* **Task requirements**
Go through the following data and transcribe exactly the stretch of lines from the one holding "is the Cantor" to the one holding "Definition cyl (s", both included.

* **Listed records**
^^^^^^^^^^^^^^^^
(* For every $0<r<1$ there is an open set $U\subseteq2^\omega$ which is dualistic and satisfies $\mu(U)=\mu(\operatorname{Cl}U)=r$; moreover $\operatorname{Cl}U$ is also dualistic.
   Context: $2^{\omega}$ is the Cantor space; $N_s=\{x\in2^\omega:s\subset x\}$; $\mu$ is the coin-tossing measure, $\mu(N_s)=2^{-\mathrm{lh}(s)}$. For measurable $A$, $\mathcal{D}_A(z)=\lim_n\mu(A\cap N_{z\restriction n})/\mu(N_{z\restriction n})$ when the limit exists. $A$ is dualistic if for every $z\in2^\omega$ the limit $\mathcal{D}_A(z)$ exists and belongs to $\{0,1\}$. *)

From HB Require Import structures.
From mathcomp Require Import all_boot all_order all_algebra.
From mathcomp Require Import all_classical all_reals all_analysis.
Set Implicit Arguments. Unset Strict Implicit. Unset Printing Implicit Defensive.
Import Order.TTheory GRing.Theory Num.Theory.
Local Open Scope classical_set_scope.
Local Open Scope ring_scope.

Definition cyl (s : seq bool) : set cantor_space :=
  [set x | forall i, (i < size s)%N -> x i = nth false s i].

Definition prefix (z : cantor_space) (n : nat) : seq bool := mkseq z n.

(* On Borel sets (in particular open and closed ones) this is the
   coin-tossing measure with mu(N_s) = 2^-lh(s). *)
Definition mu (R : realType) (A : set cantor_space) : \bar R :=
  ereal_inf [set (\sum_(0 <= n <oo) ((2%:R : R) ^- size (c n))%:E)%E
            | c in [set c : nat -> seq bool | A `<=` \bigcup_n cyl (c n)]].

(* mu(A ∩ N_{z|n}) / mu(N_{z|n}) = mu(A ∩ N_{z|n}) * 2^n converges to l *)
Definition density_is (R : realType) (A : set cantor_space)
    (z : cantor_space) (l : R) : Prop :=
  ((fun n : nat => (mu R (A `&` cyl (prefix z n)) * ((2%:R : R) ^+ n)%:E)%E)
     @ \oo --> l%:E).

Definition dualistic (R : realType) (A : set cantor_space) : Prop :=
  forall z : cantor_space, exists l : R, (l = 0 \/ l = 1) /\ density_is A z l.

From Pilot Require Import Defs.
From HB Require Import structures.
From mathcomp Require Import all_boot all_order all_algebra.
From mathcomp Require Import all_classical all_reals all_analysis.
From mathcomp Require Import lra ring zify.
Import Order.TTheory GRing.Theory Num.Theory.
Local Open Scope classical_set_scope.
Local Open Scope ring_scope.

(* Let e be the binary digits of r, so r = sum_(e_j = 1) 2^-(j+1), and fix L
   with e_L = 0.  To every digit e_j = 1 attach a cylinder of measure 2^-(j+1)
   that follows the point p = e_0 ... e_(L-1) 0 0 ... up to some position and
   leaves p there: at position j if j < L, at about L + (j - L)/2 if j > L.
   These cylinders are pairwise disjoint, so their union U has measure r, and
   they accumulate only at p, so Cl U = U ∪ {p} has measure r as well.  Points
   of U have density 1, points outside U ∪ {p} have a cylinder neighbourhood
   missing U ∪ {p}, and the cylinders meeting N_{p|n} have total measure at
   most 2^(L-2n), so the density at p is 0. *)

Lemma big_ord_recr_cond (T : Type) (idx : T) (op : Monoid.law idx) N
    (P : pred nat) (F : nat -> T) :
  \big[op/idx]_(n < N.+1 | P n) F n
    = op (\big[op/idx]_(n < N | P n) F n) (if P N then F N else idx).
Proof. by rewrite big_mkcond big_ord_recr -big_mkcond. Qed.
(* In characteristic 2 the quadratic map q(x) = b(x, x) is additive and
   q(c x) = c^2 q(x), so the isotropic vectors of a symmetric bilinear form
   form a subspace Z; the invariant used throughout is Z^perp <= Z.

   A bilinear Pfister form <<a_1, ..., a_k>> is the trace form (constant
   coefficient of x y) of the algebra F[t_1, ..., t_k]/(t_i^2 - a_i), in which
   x^2 = q(x).  Hence q is multiplicative, Z is an ideal, and when Z contains
   some w != 0, any x in Z^perp satisfies q(x) b(w, h) = b(x, w (x h)) = 0 for
   all h, so q(x) = 0: an isotropic Pfister form has Z^perp <= Z.

   Writing vectors over K = F(r), r^2 = alpha, as x1 + r x2 gives
   q_K(x1 + r x2) = q(x1) + alpha q(x2) = (b (x) <<alpha>>)(x1, x2), so the
   invariant passes from b (x) <<alpha>> to b_K.  Finally, a nondegenerate,
   non-alternating, isotropic 4-dimensional form with Z^perp <= Z has a basis
   v, w, g1, g2 with Gram matrix [0 1; 1 a] _|_ [0 1; 1 c]: the invariant
   provides the isotropic vector g1 orthogonal to v and w.  Since (a, c) is
   not (0, 0), this form is similar to <<1, w'>> for w' = 1 or w' = a c. *)

From HB Require Import structures.
From mathcomp Require Import all_boot all_order all_algebra all_field.
From mathcomp Require Import mxtens sesquilinear ring.
From Stdlib Require Import Classical.
Import Order.TTheory GRing.Theory.
Set Implicit Arguments. Unset Strict Implicit. Unset Printing Implicit Defensive.
Local Open Scope ring_scope.

Local Notation "''[' u , v ]_ A" := (form idfun A u v) : ring_scope.

Section Forms.
Variable F : fieldType.
Implicit Types (n : nat).

Lemma formE n (A : 'M[F]_n) u v : '[u, v]_A = (u *m A *m v^T) 0 0.
Proof. by rewrite /form map_mx_id. Qed.

Lemma form_sym n (A : 'M[F]_n) u v : A^T = A -> '[u, v]_A = '[v, u]_A.
Proof.
move=> sA; rewrite !formE -[in LHS](trmxK (u *m A *m v^T)) mxE.
by rewrite !trmx_mul trmxK sA mulmxA.
Qed.

Lemma formZZ n (A : 'M[F]_n) c x : '[c *: x, c *: x]_A = c ^+ 2 * '[x, x]_A.
Proof. by rewrite formZl formZr mulrA expr2. Qed.

Lemma form_congr n (A P : 'M[F]_n) u v : '[u, v]_(P *m A *m P^T) = '[u *m P, v *m P]_A.
Proof. by rewrite !formE trmx_mul !mulmxA. Qed.

Lemma gram_mxE m n (Q : 'M[F]_(m, n)) (A : 'M[F]_n) i j :
  (Q *m A *m Q^T) i j = '[row i Q, row j Q]_A.
Proof.
rewrite formE !mxE; apply: eq_bigr => k _; rewrite !mxE; congr (_ * _).
by apply: eq_bigr => l _; rewrite !mxE.
Qed.

Lemma unitmx_of_gram n (P A : 'M[F]_n) : P *m A *m P^T \in unitmx -> P \in unitmx.
Proof. by rewrite !unitmx_mul => /andP[/andP[]]. Qed.

Lemma form_delta_r n (A : 'M[F]_n) u k : '[u, 'e_k]_A = (u *m A) 0 k.
Proof. by rewrite formE trmx_delta -colE mxE. Qed.
Definition sdecomp (p q : nat) (f : P) (Hf : nat -> nat -> P) : Prop :=
  bihomog p q f /\
  (forall a b, (2 * a <= p)%N -> (2 * b <= q)%N ->
     bihomog (p - 2 * a) (q - 2 * b) (Hf a b) /\ harmonic (Hf a b)) /\
  f = \sum_(a < (p./2).+1) \sum_(b < (q./2).+1)
        normx2 ^+ a * normu2 ^+ b * Hf a b.

(* pi_s f := H'_{p,q}, the (unique) harmonic component of degree (p,q)
   in the decomposition of a bihomogeneous f *)
Definition pis (f : P) : P :=
  epsilon (inhabits 0)
    (fun H => exists p q Hf, sdecomp p q f Hf /\ H = Hf 0%N 0%N).

Definition Sx (f : P) : P := pis (xdu f).
Definition Su (f : P) : P := pis (udx f).
Definition Aop (f : P) : P := pis (dudx f).
Definition Cop (f : P) : P := pis (ux * f).

(* eigenvalue of H_x (resp. H_u) on P_{p,.} (resp. P_{.,q}) : -(p + m/2) *)
Definition Hval (p : nat) : R[i] := - (p%:R + m%:R / 2).

End Defs.

(* For the Fischer inner product <p, q> = sum_mo p_mo conj(q_mo) mo!,
   multiplication by x_i is adjoint to d/dx_i, so |x|^2 is adjoint to Delta_x.
   A harmonic polynomial is therefore orthogonal to the ideal (|x|^2, |u|^2),
   hence lies in it only if it is 0: pi_s f is the unique harmonic h with
   f - h in the ideal, and exhibiting any such h computes it.  Existence is
   the Fischer decomposition, built one block of variables at a time by
   solving Delta (|x|^2 G) = Delta r.

   For H harmonic of bidegree (p, q) put D = <d_u, d_x> H.  Then A H = D and
   S_x H = <x, d_u> H + |x|^2 D / (2 (1 + Hval p)), symmetrically for S_u.
   Modulo the ideal, [<x, d_u>, <u, d_x>] = E_x - E_u and
   <x, d_u> (|u|^2 D) = 2 <u, x> D, so S_x S_u H - S_u S_x H is congruent to
   (p - q) H + (1 / (1 + Hval q) - 1 / (1 + Hval p)) <u, x> D, that is, to
   the right-hand side.  Both sides are harmonic, so they are equal. *)

From HB Require Import structures.
From mathcomp Require Import all_boot all_order all_algebra.
From mathcomp Require Import complex.
From mathcomp Require Import mpoly.
From Stdlib Require Import ClassicalEpsilon.
From mathcomp Require Import ring zify.
Set Implicit Arguments. Unset Strict Implicit. Unset Printing Implicit Defensive.
Import Order.TTheory GRing.Theory Num.Theory.
Local Open Scope ring_scope.

Section PartialDegree.
Variables (F : nzRingType) (n m : nat) (f : 'I_m -> 'I_n).
Implicit Types (p q : {mpoly F[n]}) (mo : 'X_{1..n}).

Definition pdeg mo : nat := (\sum_(j < m) mo (f j))%N.

Definition phomog (k : nat) p : bool := all (fun mo => pdeg mo == k) (msupp p).

Lemma phomogP k p : reflect (forall mo, p@_mo != 0 -> pdeg mo = k) (phomog k p).
Proof.
apply: (iffP allP) => hp mo; first by rewrite -mcoeff_msupp => /hp /eqP.
by rewrite mcoeff_msupp => /hp ->.
Qed.

Lemma pdegD mo mo' : pdeg (mo + mo')%MM = (pdeg mo + pdeg mo')%N.
Proof. by rewrite /pdeg -big_split; apply: eq_bigr => j _; rewrite mnmDE. Qed.

Lemma pdegU_fam (f_inj : injective f) j : pdeg U_(f j) = 1%N.
Proof.
rewrite /pdeg (bigD1 j) //= mnm1E eqxx big1 // => l hl.
by rewrite mnm1E (inj_eq f_inj) eq_sym (negbTE hl).
Qed.
Section RegretDecomposition.
Variables (R : realType) (d : nat) (A Af : finType) (tb : seq Af) (af0 : Af).
Variables (K : nat) (uf : 'I_K -> 'rV[R]_d -> A -> Af -> R) (u : 'rV[R]_d -> A -> Af -> R).
Variables (F : 'I_K -> R) (alg : seq 'I_K -> 'rV[R]_d -> {ffun A -> R}).
Variables (adv : seq 'I_K -> 'rV[R]_d) (pistar : 'rV[R]_d -> {ffun A -> R}).
Hypothesis F_sum1 : \sum_i F i = 1.

Definition round_gap (h : seq 'I_K) : R :=
  exp_val tb af0 uf u F (adv h) (pistar (adv h)) -
  exp_val tb af0 uf u F (adv h) (alg h (adv h)).

Lemma expected_regretE T :
  expected_regret tb af0 uf T F u alg adv pistar = \sum_(t < T) iid_mean F t round_gap.
Proof.
have [i0 _] : exists i, 0 < F i.
  apply: contrapT => /forallNP F_le0; have : \sum_i F i <= 0.
    by rewrite sumr_le0 // => i _; rewrite leNgt; apply/negP/F_le0.
  by rewrite F_sum1 ler10.
rewrite /expected_regret /regret; under eq_bigr do rewrite big_distrr.
rewrite exchange_big; apply: eq_bigr => t _ /=.
pose D h f := let z := adv h in
  Uexp u z (pistar z) (br tb af0 (uf f) z (pistar z)) -
  Uexp u z (alg h z) (br tb af0 (uf f) z (alg h z)).
transitivity (iid_mean F T (fun s => D (take t s) (nth i0 s t))).
  by apply: eq_bigr => s _; rewrite (tnth_nth i0).
rewrite (iid_mean_nth F_sum1 i0 D (ltn_ord t)); apply: eq_iid_mean => s.
by rewrite /round_gap /exp_val -sumrB; apply: eq_bigr => i _; rewrite mulrBr.
Qed.

End RegretDecomposition.

Section LogBounds.
Variable R : realType.

Lemma ln_nat_ge_half n : (2 <= n)%N -> 1 / 2 <= ln (n%:R : R).
Proof.
move=> n_ge2; apply: le_trans (_ : ln 2 <= _).
  have half : 1 - 1 / 2 = 2^-1 :> R by field.
  have : -1 < - (1 / 2) :> R by lra.
  by move/le_ln1Dx; rewrite half lnV ?posrE //; lra.
by rewrite ler_ln ?posrE ?ler_nat ?ltr0n // (leq_trans _ n_ge2).
Qed.

Lemma harmonic_le_ln n : (0 < n)%N -> \sum_(t < n.+1) (t%:R : R)^-1 <= 1 + ln n%:R.
Proof.
elim: n => // -[_|n IHn _]; first by rewrite !big_ord_recr big_ord0 /= invr0 ln1 invr1 !add0r addr0.
rewrite big_ord_recr /= (le_trans (lerD (IHn isT) (lexx _))) // -addrA lerD2l.
have n1_gt0 : (0 : R) < n.+1%:R by rewrite ltr0n.
have := @le_ln1Dx R (- n.+2%:R^-1); rewrite ltrN2 invf_lt1 ?ltr0n ?ltr1n // => /(_ isT).
rewrite (_ : 1 - n.+2%:R^-1 = n.+1%:R / n.+2%:R :> R); last by field; rewrite -natrD pnatr_eq0.
(* [lra] must see the inverse as an atom. *)
by rewrite ln_div ?posrE ?ltr0n //; set c := n.+2%:R^-1; lra.
Qed.

End LogBounds.

Section GreedyRegret.
Variables (R : realType) (d : nat) (A Af : finType) (tb : seq Af) (af0 : Af) (K : nat).
Variables (Zs : 'rV[R]_d -> Prop) (u : 'rV[R]_d -> A -> Af -> R).
Variables (uf : 'I_K -> 'rV[R]_d -> A -> Af -> R) (delta : R) (E : 'rV[R]_d -> seq {ffun A -> R}).
Variables (F : 'I_K -> R) (alg : seq 'I_K -> 'rV[R]_d -> {ffun A -> R}).
Variables (adv : seq 'I_K -> 'rV[R]_d) (pistar : 'rV[R]_d -> {ffun A -> R}).
Hypothesis tb_enum : perm_eq tb (enum Af).
Hypothesis u_01 : forall z a b, Zs z -> 0 <= u z a b <= 1.
Hypothesis uf_01 : forall i z a b, Zs z -> 0 <= uf i z a b <= 1.
Hypothesis E_mixed : forall z, Zs z -> forall x, x \in E z -> mixed x.
Hypothesis E_approx : forall z, Zs z -> approx_extreme_points tb af0 uf delta z (E z).
Hypothesis F_ge0 : forall i, 0 <= F i.
Hypothesis F_sum1 : \sum_i F i = 1.
Hypothesis adv_Zs : forall h, Zs (adv h).
Hypothesis alg_greedy : forall h z, Zs z ->
  alg h z \in E z /\
  forall y, y \in E z -> greedy_obj tb af0 uf u h z y <= greedy_obj tb af0 uf u h z (alg h z).
Hypothesis pistar_mixed : forall z, Zs z -> mixed (pistar z).
Variable m : R.
Hypotheses (m_ge0 : 0 <= m) (delta_le_m : delta <= m).

Notation round_gap := (round_gap tb af0 uf u F alg adv pistar).

Lemma round_gap_le h : round_gap h <= m + 2 * \sum_i `|phat R h i - F i|.
Proof.
have Z := adv_Zs h; have [alg_E alg_opt] := alg_greedy h Z.
exact: (greedy_round_gap tb_enum (fun a b => u_01 a b Z) (fun i a b => uf_01 i a b Z)
  (E_mixed Z) (E_approx Z) F_ge0 F_sum1 (pistar_mixed Z) alg_E alg_opt m_ge0 delta_le_m).
Qed.

Lemma iid_mean_round_gap_le t eps : 0 < eps ->
  iid_mean F t round_gap <= m + 4 * (t == 0)%:R + t%:R^-1 / eps + K%:R * eps.
Proof.
move=> eps_gt0; apply: le_trans (_ : _ <= iid_mean F t
  (fun h => m + 2 * \sum_i `|phat R h i - F i|)) _; first exact: ler_iid_mean round_gap_le.
rewrite iid_meanD iid_mean_cst // iid_meanZ.
have := iid_mean_phat_l1_dev F_ge0 F_sum1 t eps_gt0; lra.
Qed.

Lemma greedy_expected_regret_le T eps : 0 < eps ->
  expected_regret tb af0 uf T F u alg adv pistar <=
  T%:R * m + 4 + (\sum_(t < T) t%:R^-1) / eps + T%:R * (K%:R * eps).
Proof.
move=> eps_gt0; rewrite expected_regretE //.
apply: (@le_trans _ _ (\sum_(t < T) (m + 4 * (t == 0 :> nat)%:R + t%:R^-1 / eps + K%:R * eps))).
  by apply: ler_sum => t _; apply: iid_mean_round_gap_le.
rewrite !big_split /= -big_distrr -big_distrl /= !sumr_const card_ord.
rewrite -[m *+ T]mulr_natl -[(K%:R * eps) *+ T]mulr_natl.
have : \sum_(t < T) ((t == 0 :> nat)%:R : R) <= 1.
  by case: T => [|T]; rewrite ?big_ord0 // big_ord_recl big1 ?addr0 // => t; rewrite lift0.
lra.
Qed.

End GreedyRegret.
(* Let $F:\mathbb{R}^d\to\mathbb{R}$ be continuously differentiable with $L$-Lipschitz gradient and lower bounded, $F_*:=\inf_\theta F(\theta)>-\infty$. Consider the simplified curvature-aware Adam iteration described in the context, and suppose the stochastic gradients satisfy, for all $k$, $\mathbb{E}[g_k\mid\theta_k]=\nabla F(\theta_k)$, $\mathbb{E}[\|g_k-\nabla F(\theta_k)\|^2\mid\theta_k]\le\sigma^2$, and $\|g_k\|_\infty\le\|g_k\|\le G$ for a constant $G>0$. Let the stepsize satisfy $\eta\le\min(1,1/L)$. Then there exist positive constants $C_1,C_2,C_3$, depending only on $L,\delta,\beta_1,G,C_\alpha,d$, such that for every $T\ge 1$, $$\frac{1}{T}\sum_{k=0}^{T-1}\mathbb{E}\|\nabla F(\theta_k)\|^2\le \frac{C_1\big(F(\theta_0)-F_*+G^2\big)}{\eta T}+C_2\eta+C_3\sigma^2.$$ In particular, choosing $\eta=\Theta(T^{-1/2})$ yields a bound of order $\mathcal{O}(T^{-1/2})+\mathcal{O}(\sigma^2)$.
   Context: Simplified curvature-aware Adam iteration: given parameters $\beta_1,\beta_2\in[0,1)$, $\delta>0$, stepsize $\eta>0$, a base coefficient $\alpha_{\mathrm{base}}>0$, and stochastic gradient estimators $g_k$ of $\nabla F(\theta_k)$, the iterates are $\tilde g_k:=g_k+\alpha_k(g_k-g_{k-1})$, $m_k:=\beta_1 m_{k-1}+(1-\beta_1)\tilde g_k$, $v_k:=\beta_2 v_{k-1}+(1-\beta_2)\tilde g_k^{2}$ (coordinatewise), $\theta_{k+1}:=\theta_k-\eta\, m_k/(\sqrt{v_k}+\delta)$ (coordinatewise), with initialization $m_{-1}=0$, $v_{-1}=0$, $\theta_{-1}=\theta_0$, $\alpha_0=0$. The coefficients satisfy $|\alpha_k|\le C_\alpha:=2\alpha_{\mathrm{base}}$ for all $k$. $\|\cdot\|$ is the Euclidean norm. *)

From HB Require Import structures.
From mathcomp Require Import all_boot all_order all_algebra.
From mathcomp Require Import all_classical all_reals all_analysis.
Set Implicit Arguments. Unset Strict Implicit. Unset Printing Implicit Defensive.
Import Order.TTheory GRing.Theory Num.Theory.
Import numFieldNormedType.Exports.
Local Open Scope classical_set_scope.
Local Open Scope ring_scope.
^^^^^^^^^^^^^^^^
* **Exercise output**
   Context: $2^{\omega}$ is the Cantor space; $N_s=\{x\in2^\omega:s\subset x\}$; $\mu$ is the coin-tossing measure, $\mu(N_s)=2^{-\mathrm{lh}(s)}$. For measurable $A$, $\mathcal{D}_A(z)=\lim_n\mu(A\cap N_{z\restriction n})/\mu(N_{z\restriction n})$ when the limit exists. $A$ is dualistic if for every $z\in2^\omega$ the limit $\mathcal{D}_A(z)$ exists and belongs to $\{0,1\}$. *)

From HB Require Import structures.
From mathcomp Require Import all_boot all_order all_algebra.
From mathcomp Require Import all_classical all_reals all_analysis.
Set Implicit Arguments. Unset Strict Implicit. Unset Printing Implicit Defensive.
Import Order.TTheory GRing.Theory Num.Theory.
Local Open Scope classical_set_scope.
Local Open Scope ring_scope.

Definition cyl (s : seq bool) : set cantor_space :=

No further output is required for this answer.